Todo se produjo antes de que pudiera apreciarlo. «¿Cuándo dejó de ser una niña? Aún me cuesta entenderlo». Pero ahí estaba, con los suegros y el futuro yerno, en una fiesta planeada sin él, brindando por un futuro que a todas luces ya habían comenzado, incluso antes de lo que ellos creían.
Esos pensamientos cruzaban su mente entre copa y copa de champán, entre risa y risa, gracieta y gracieta. La fecha puesta y el salón de bodas contratado. Por delante, nueve meses que ya se le antojaban pesados, como un parto. Aunque no sabía lo que eso era, estaba seguro de que, al igual que pasa en los embarazos, al principio parece todo lejano y de repente, antes de que termines de pestañear, el bebé ha nacido.
—¡¡Una foto, ahora los padres!! ¡¡Todos a una!!

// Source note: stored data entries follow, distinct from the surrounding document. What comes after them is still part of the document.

Lemma unstable_of_sq_eq (alpha : R) (v : Z -> R) (m k : Z) : equilibrium alpha v ->
  m <> k -> v m <> 0 -> v k <> 0 -> (v m)^2 = (v k)^2 -> unstable alpha v.
Proof.
  intros He Hmk Hm Hk Hsq.
  set (th := fun n => if Z.eq_dec n m then v k else if Z.eq_dec n k then - v m else 0).
  assert (Hpair : forall f : Z -> R,
            is_series (zseries (fun n => f n * th n)) (f m * v k - f k * v m)).
  { intros f.
    replace (f m * v k - f k * v m) with (f m * th m + f k * th k)
      by (unfold th; destruct (Z.eq_dec m m), (Z.eq_dec k m), (Z.eq_dec k k);
          try congruence; ring).
    apply (is_series_zseries_pair (fun n => f n * th n)); [exact Hmk|].
    intros n Hnm Hnk. unfold th. cbv beta.
    destruct (Z.eq_dec n m); [contradiction|]. destruct (Z.eq_dec n k); [contradiction|]. ring. }
  assert (Hin : innerH v th = 0).
  { apply is_series_unique. replace 0 with (v m * v k - v k * v m) by ring. apply Hpair. }
  exists (2 * (v m)^2). split; [pose proof (pow2_gt_0 _ Hm); lra|].
  apply (lin_eigenvalue_on_support alpha _ v th m He).
  - eexists. refine (is_series_ext _ _ _ _ (Hpair th)). intros j. unfold zseries. simpl. ring.
  - unfold th. destruct Z.eq_dec; tauto.
  - intros n Hn. unfold th. destruct Z.eq_dec as [->|]; [tauto|].
    destruct Z.eq_dec as [->|]; [tauto|reflexivity].
  - intros n. rewrite Hin. unfold th.
    destruct Z.eq_dec as [->|]; [|destruct Z.eq_dec as [->|]]; rewrite ?Hsq; ring.
Qed.

(* [(a - x) (b - x) / (d - x)], extended continuously across [x = d] when [d] is [a] or [b]. *)
Definition cancel_pole (a b d x : R) : R :=
  if Req_EM_T d a then b - x else if Req_EM_T d b then a - x
  else (a - x) * (b - x) / (d - x).

Lemma cancel_pole_mul (a b d x : R) : d <> x ->
  (d - x) * cancel_pole a b d x = (a - x) * (b - x).
Proof.
  intros Hdx. unfold cancel_pole.
  destruct Req_EM_T as [->|]; [ring|]. destruct Req_EM_T as [->|]; [ring|].
  field. lra.
Qed.

Lemma cancel_pole_continuous (a b d x : R) : ~ (a < d < b) -> a <= x <= b ->
  continuity_pt (cancel_pole a b d) x.
Proof.
  intros Hd Hx. unfold cancel_pole.
  destruct Req_EM_T; [reg|]. destruct Req_EM_T; [reg|].
  reg. lra.
Qed.

Lemma cancel_pole_left_nonneg (a b d : R) : a <= b -> 0 <= cancel_pole a b d a.
Proof.
  intros Hab. unfold cancel_pole.
  destruct Req_EM_T; [lra|]. destruct Req_EM_T; [lra|].
  unfold Rdiv. rewrite Rminus_diag, !Rmult_0_l. lra.
Qed.

Lemma cancel_pole_right_nonpos (a b d : R) : a <= b -> cancel_pole a b d b <= 0.
Proof.
  intros Hab. unfold cancel_pole.
  destruct Req_EM_T; [lra|]. destruct Req_EM_T; [lra|].
  unfold Rdiv. rewrite Rminus_diag, Rmult_0_r, !Rmult_0_l. lra.
Qed.

Lemma cancel_pole_left (a b : R) : cancel_pole a b a a = b - a.
Proof. unfold cancel_pole. destruct Req_EM_T; [reflexivity|congruence]. Qed.

Lemma cancel_pole_right (a b : R) : a <> b -> cancel_pole a b b b = a - b.
Proof.
  intros Hab. unfold cancel_pole.
  destruct Req_EM_T; [congruence|]. destruct Req_EM_T; [reflexivity|congruence].
Qed.

Section SecularEquation.

Variables (v : Z -> R) (K : nat) (m k : Z).
Hypothesis v_supp : forall n, (K <= Z.abs_nat n)%nat -> v n = 0.
Hypotheses (vm_neq0 : v m <> 0) (vk_neq0 : v k <> 0).
Hypothesis sq_lt : (v m)^2 < (v k)^2.
Hypothesis sq_gap : forall n, ~ ((v m)^2 < (v n)^2 < (v k)^2).

Let a := 2 * (v m)^2.
Let b := 2 * (v k)^2.

Definition secular_term (x : R) (n : Z) : R := (v n)^2 * cancel_pole a b (2 * (v n)^2) x.

(* The secular equation [4 sum_n v_n^2 / (2 v_n^2 - x) = 1], multiplied by [(a - x) (b - x)]. *)
Definition secular (x : R) : R :=
  (a - x) * (b - x) - 4 * sum_f_R0 (zseries (secular_term x)) K.

Lemma pole_gap (n : Z) : ~ (a < 2 * (v n)^2 < b).
Proof. unfold a, b. intros Hn. apply (sq_gap n). lra. Qed.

Claro que no era tarea suya: ni organizar ni contratar; tampoco buscar a proveedores o probarse trajes. Bueno, eso sí. Tenía claro que estaría elegante. Sería un padrino radiante, iban a fijarse en él. Retocaría su barba; ahora era buen momento para dejarla crecer. «Mejor hablaré con el barbero, si. Es la persona más indicada para darme pautas e instrucciones; quiero seguir guapo en este tiempo que se avecina».
«Porque la boda será por la iglesia, ¿verdad?», pensaba. Ahora le entraba la duda. Su hija nunca había demostrado demasiada inclinación por las tradiciones, y ahora sabía que su yerno en ese aspecto era igual, así que pensar en una boda de iglesia de pronto era algo que incluso le resultaba extraño. Pero daba lo mismo, fuese civil o religiosa él iba a ser un padrino de los que quitan el hipo.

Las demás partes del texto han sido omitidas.